Not sure where you come from but controlled burn is used everywhere people have any sense. It allows the established trees to grow unhindered and it it a very good way to keep a real forest fire from being uncontrolled.

where I come from we do not burn and if we catch somebody lighting fire, he is going to have some jail time. I work in forestry in south east Asia for quite a while and I can tell you that in most cases fire is not under control and it is very detrimental for forests around here. In some pine forests of north America fire is needed for regeneration of some tree species but it is not the same here. Fire is damaging forests ultimately.

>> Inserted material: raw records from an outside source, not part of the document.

Lemma jnorm_has_ubound T : (forall k, bounded_op hs (T k)) ->
  has_ubound [set r : R | exists x : H, hnorm x = 1 /\
         r = Num.sqrt (\sum_(k < d) hnorm (T k x) ^+ 2)].
Proof.
move=> T_bdd; have [M M_bound] := boolp.choice (fun k => (T_bdd k).2).
exists (Num.sqrt (\sum_(k < d) M k ^+ 2)) => _ [x [x_unit ->]].
rewrite ler_sqrt ?sumr_ge0 // => [|k _]; last by rewrite sqr_ge0.
apply: ler_sum => k _; have := M_bound k x; rewrite x_unit mulr1 => TM.
by rewrite lerXn2r ?nnegrE ?hnorm_ge0 // (le_trans (hnorm_ge0 _ _) TM).
Qed.

Lemma sqrt_sum_cmod2_ip_le_wE T x : (forall k, bounded_op hs (T k)) ->
  Num.sqrt (\sum_(k < d) cmod2 (ip (T k x) x)) <= wE hs T * hnorm x ^+ 2.
Proof.
move=> T_bdd; apply: (le_sup_sphere_scale (f := fun x =>
  Num.sqrt (\sum_(k < d) cmod2 (ip (T k x) x)))) => //; first exact: wE_has_ubound.
move=> a y a_ge0; rewrite -[a ^+ 2]ger0_norm ?sqr_ge0 // -sqrtr_sqr -sqrtrM ?sqr_ge0 //.
congr Num.sqrt; rewrite mulr_sumr; apply: eq_bigr => k _.
rewrite bounded_opZ // ipZl ipZr conjc_real mulrA -rmorphM !cmod2E normcM.
by rewrite normc_real ger0_norm ?mulr_ge0 //; ring.
Qed.

Lemma sqrt_sum_hnorm_le_jnorm T x : (forall k, bounded_op hs (T k)) ->
  Num.sqrt (\sum_(k < d) hnorm (T k x) ^+ 2) <= jnorm hs T * hnorm x.
Proof.
move=> T_bdd; rewrite -[hnorm x]expr1.
apply: (le_sup_sphere_scale (f := fun x =>
  Num.sqrt (\sum_(k < d) hnorm (T k x) ^+ 2))) => //; first exact: jnorm_has_ubound.
move=> a y a_ge0; rewrite expr1 -[in RHS](ger0_norm a_ge0) -sqrtr_sqr -sqrtrM ?sqr_ge0 //.
congr Num.sqrt; rewrite mulr_sumr; apply: eq_bigr => k _.
by rewrite bounded_opZ // hnormZ // exprMn.
Qed.

Lemma sqrt_sum_cmod2_ip_le_jnorm T x y : (forall k, bounded_op hs (T k)) ->
  Num.sqrt (\sum_(k < d) cmod2 (ip (T k y) x)) <= hnorm x * (jnorm hs T * hnorm y).
Proof.
move=> T_bdd; apply: le_trans (_ : _ <=
  Num.sqrt (hnorm x ^+ 2 * \sum_(k < d) hnorm (T k y) ^+ 2)) _.
  rewrite ler_sqrt; last by rewrite mulr_ge0 ?sqr_ge0 ?sumr_ge0 // => k _; rewrite sqr_ge0.
  by rewrite mulr_sumr ler_sum // => k _; rewrite mulrC cmod2_ip_le.
rewrite sqrtrM ?sqr_ge0 // sqrtr_sqr ger0_norm ?hnorm_ge0 //.
by rewrite ler_wpM2l ?hnorm_ge0 ?sqrt_sum_hnorm_le_jnorm.
Qed.

End OperatorTuples.

Section BlockOperator.
Variables (R : realType) (H : lmodType R[i]) (hs : hilbert H).
Local Notation ip := (ip hs).
Local Notation hnorm := (hnorm hs).

Lemma ip2_block_op X Y Z W x1 x2 :
  ip2 hs (block_op X Y Z W (x1, x2)) (x1, x2) =
  (ip (X x1) x1 + ip (Y x2) x1) + (ip (Z x1) x2 + ip (W x2) x2).
Proof. by rewrite /ip2 /block_op /= !ipDl. Qed.

Lemma hnorm2_sqr x1 x2 : hnorm2 hs (x1, x2) ^+ 2 = hnorm x1 ^+ 2 + hnorm x2 ^+ 2.
Proof. by rewrite !hnorm_sqr -ReD sqr_sqrtr // ReD addr_ge0 ?ip_pos. Qed.

Variables (d : nat) (X Y Z W : 'I_d -> H -> H).
Hypotheses (hX : forall k, bounded_op hs (X k)) (hY : forall k, bounded_op hs (Y k))
  (hZ : forall k, bounded_op hs (Z k)) (hW : forall k, bounded_op hs (W k)).

Lemma sqrt_sum_block_form_le x1 x2 :
  Num.sqrt (\sum_(k < d)
    cmod2 (ip2 hs (block_op (X k) (Y k) (Z k) (W k) (x1, x2)) (x1, x2))) <=
  wE hs X * hnorm x1 ^+ 2 + jnorm hs Y * hnorm x2 * hnorm x1 +
  jnorm hs Z * hnorm x1 * hnorm x2 + wE hs W * hnorm x2 ^+ 2.
Proof.
under eq_bigr do rewrite ip2_block_op.
apply: le_trans (sqrt_sum_cmod2D_le _ _) _.
apply: le_trans (lerD (sqrt_sum_cmod2D_le _ _) (sqrt_sum_cmod2D_le _ _)) _.
have := lerD
  (lerD (sqrt_sum_cmod2_ip_le_wE x1 hX) (sqrt_sum_cmod2_ip_le_jnorm x1 x2 hY))
  (lerD (sqrt_sum_cmod2_ip_le_jnorm x2 x1 hZ) (sqrt_sum_cmod2_ip_le_wE x2 hW)).
move=> le_bounds; lra.
Qed.

End BlockOperator.

Section NumericalRadius.
Variable R : realType.

Lemma mx_numrad_ge (A : 'M[R[i]]_2) (v : 'cV[R[i]]_2) :
  \sum_(i < 2) cmod2 (v i ord0) = 1 ->
  cmod (\sum_(i < 2) \sum_(j < 2) A i j * v j ord0 * cconj (v i ord0)) <=
  mx_numrad A.
Proof.
move=> v_unit; apply: ub_le_sup; last by exists v.
exists (\sum_(i < 2) \sum_(j < 2) normc (A i j)) => _ [w [w_unit ->]].
have w_le1 i : normc (w i ord0) <= 1.
  have : cmod2 (w i ord0) <= 1.
    rewrite -w_unit (bigD1 i) //= lerDl sumr_ge0 // => j _.
    by rewrite cmod2E sqr_ge0.
  by rewrite cmod2E expr2 => ?; have := normc_ge0 (w i ord0); nra.
rewrite cmodE; apply: le_trans (normc_sum _ _ _) _.
apply: ler_sum => i _; apply: le_trans (normc_sum _ _ _) _.
apply: ler_sum => j _; rewrite !normcM cconjE normc_conj.
apply: le_trans (_ : _ <= normc (A i j) * normc (w j ord0)) _.
  by rewrite ler_piMr ?mulr_ge0 ?normc_ge0.
by rewrite ler_piMr ?normc_ge0.
Qed.

Lemma mx2_form (wx ny nz ww a b : R) :
  let v : 'cV[R[i]]_2 := \col_i (if (i == 0 :> nat) then a%:C else b%:C) in
  \sum_(i < 2) \sum_(j < 2) mx2 wx ny nz ww i j * v j ord0 * cconj (v i ord0) =
  (wx * a ^+ 2 + ny * b * a + nz * a * b + ww * b ^+ 2)%:C.
Proof.
move=> v; rewrite !big_ord_recr !big_ord0 /= !mxE /= !cconjE !conjc_real.
by rewrite !rmorphD !rmorphM /=; ring.
Qed.

Lemma mx2_numrad_ge (wx ny nz ww a b : R) : a ^+ 2 + b ^+ 2 = 1 ->
  `|wx * a ^+ 2 + ny * b * a + nz * a * b + ww * b ^+ 2| <=
  mx_numrad (mx2 wx ny nz ww).
Proof.
move=> ab_unit; rewrite -normc_real -cmodE -mx2_form; apply: mx_numrad_ge.
by rewrite !big_ord_recr big_ord0 /= !mxE /= /cmod2 /= expr0n /= !addr0 add0r.
Qed.

End NumericalRadius.

Theorem theorem3p2 (R : realType) (H : lmodType R[i]) (hs : hilbert H) (d : nat)
  (X Y Z W : 'I_d -> H -> H)
  (hX : forall k, bounded_op hs (X k)) (hY : forall k, bounded_op hs (Y k))
  (hZ : forall k, bounded_op hs (Z k)) (hW : forall k, bounded_op hs (W k)) :
  wE2 hs (fun k => block_op (X k) (Y k) (Z k) (W k)) <=
  mx_numrad (mx2 (wE hs X) (jnorm hs Y) (jnorm hs Z) (wE hs W)).
Proof.
(* On the zero space the unit sphere is empty and the supremum is the junk value 0. *)
have [[u0 u0_unit]|no_unit] := pselect (exists u : H * H, hnorm2 hs u = 1); last first.
  rewrite /wE2 sup_out => [|[[_ [u [u_unit _]]] _]]; last by apply: no_unit; exists u.
  apply: le_trans (mx2_numrad_ge _ _ _ _ (a := 1) (b := 0) _); first exact: normr_ge0.
  by rewrite expr1n expr0n addr0.
apply: ge_sup; first by exists (Num.sqrt (\sum_(k < d)
  cmod2 (ip2 hs (block_op (X k) (Y k) (Z k) (W k) u0) u0))), u0.
move=> _ [[x1 x2] [u_unit ->]].
have ab_unit : hnorm hs x1 ^+ 2 + hnorm hs x2 ^+ 2 = 1.
  by rewrite -hnorm2_sqr u_unit expr1n.
apply: le_trans (sqrt_sum_block_form_le hX hY hZ hW x1 x2) _.
apply: le_trans (mx2_numrad_ge _ _ _ _ ab_unit); exact: ler_norm.
Qed.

In Australia the simplistic, and popular, view of "controlled burning" is that a cold burn removes the forest floor litter so it deprives a fire of fuel. Instead a fire will stress most of the trees especially eucalyptus spp and on the first things trees will do when under stress is to defoliate as a self preservation and defence reaction and this results in creating forest litter (or fuel for a Fire) . it also encourages weeds , dries out the soil and selectively prunes the diversity of the forest. Species that can withstand a cold burn then come to dominate the forest . Removing the litter also removes a massive nutrient source for plants ( and animals and insects too) and further dries out the soil. It also aids erosion and leaching of soils too . And so a slow decline, possible slow enough that people don't notice, begins. Yes, some species like banksia spp germinate from fire and fires from lighting strike occur natually but the regularity of these fire is spasmodic allows diversity of the forest to survive. I suspect a similar situation occurs in Thailand .

A good summation of what happens in Australia but you do not mention that for 50 000 to 60 000 years Aborigines have used fire to promote new growth and that fire in that period has become part of cycle.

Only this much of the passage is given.